Print Friendly, PDF & Email

Sometimes I feel that the only assured reward for clear thinking is frustration. It is fruitful to you when you practice it, but will generally go unappreciated and thrown in the dung heap with every other opinion. People only care if you agree or not, and not generally WHY. I think it safe to say the majority of people have never considered any of this and will just assume you, like them, are throwing facts on top of opinions instead of the other way around.

Maybe it’s my upbringing. I was uber-logical as a child, but then came Eastern thought at the start of my tweens. Eastern scientific process (yes, there is such a thing, and I’m doing a presentation on this next March) is in a way the opposite of the West.

In the West, we make a cursory observation, hypothesize, and test. Intellectually this means finding proof for or against the hypothesis, and all the bias that may entail and need to be minimized.
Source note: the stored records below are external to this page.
(* R^n is modelled as n.-tuple R with the library's product sigma-algebra
   (generated by the coordinate projections, i.e. the Borel sets of R^n). *)

(* [lam] is n-dimensional Lebesgue measure: it gives every closed box its
   volume.  (This determines the measure uniquely on the sigma-algebra.) *)
Definition is_lebesgue_measure_n {R : realType} (n : nat)
  (lam : {measure set (n.-tuple R) -> \bar R}) : Prop :=
  forall a b : n.-tuple R, (forall i, tnth a i <= tnth b i) ->
    lam [set x | forall i, tnth a i <= tnth x i <= tnth b i]
    = (\prod_(i < n) (tnth b i - tnth a i))%:E.

Definition open_n {R : realType} (n : nat) (O : set (n.-tuple R)) : Prop :=
  forall x, O x -> exists2 e : R, 0 < e &
    forall y : n.-tuple R, (forall i, `|tnth y i - tnth x i| < e) -> O y.

Definition bounded_n {R : realType} (n : nat) (O : set (n.-tuple R)) : Prop :=
  exists M : R, forall x, O x -> forall i, `|tnth x i| <= M.

Section defs.
Context {R : realType} (n : nat) (lam : {measure set (n.-tuple R) -> \bar R}).

Definition in_Lp (O : set (n.-tuple R)) (p : R) (f : n.-tuple R -> R) : Prop :=
  measurable_fun O f /\
  (\int[lam]_(x in O) ((`|f x| `^ p)%:E) < +oo)%E.

Definition ess_sup_on (O : set (n.-tuple R)) (f : n.-tuple R -> R) : \bar R :=
  ereal_inf [set y : \bar R |
     \forall x \ae lam, O x -> ((`|f x|)%:E <= y)%E].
In the East, we observe, and build on the observation, forming the hypothesis at the end, not near the beginning. The mind is kept open and fluid, where revision is part of the overall process, not a brick in the all of trial and error.

It’s like putting together a puzzle, not forcing shapes into holes. Deconstruction versus synthesis, etc..

What this means intellectually is that I generally and purposely do not have opinions on things before I research them, rather than start with an opinion and then spend all my energy fighting the almost unavoidable subjectivities of confirmation bias. (And again, most people have never even given this any such thought, and are stuck with the first uninformed opinion they “choose” bolstered by half-truths even unto the grave.)

That’s why I change my mind sometimes. Not because I want to, but BECAUSE I CAN and am mostly or entirely willing to conform to facts as they arise.

But the reward is still being told “you just believe what you want to believe” when you’ve written off that luxury long ago. Sure, some beliefs are by their nature more (or even entirely) subjective, and therefore rightfully a choice. But intellectually, some of us choose not to believe — or disbelieve — most things until we take a closer look. While others “think” many assertions are obviously true or not based on gut instinct, we hesitate because we take the time to consider “is this really true?” and they just wonder if we’re idiots for not just accepting their unfounded, unexamined conclusions.

The hardest thing of all is putting aside the assumptions any one person at any on time is doing one of the other of these. We want to assume people are stubbornly clinging to manipulated opinions based on media-fed facts. And I would suggest most of the time we’d be right. But if we do NOT assume that, we at least have a chance to acknowledge those people and times they ARE making an assertion based on clear thinking.

It doesn’t mean you have to agree with their analysis, but you can usually benefit from an understanding of their analysis — facts and reasons you may have missed, or a different, yet reasonable way to weigh some of the facts and arguments.

But we will never break this barrier between debate and dialectic unless we start, openly, with the single word — WHY.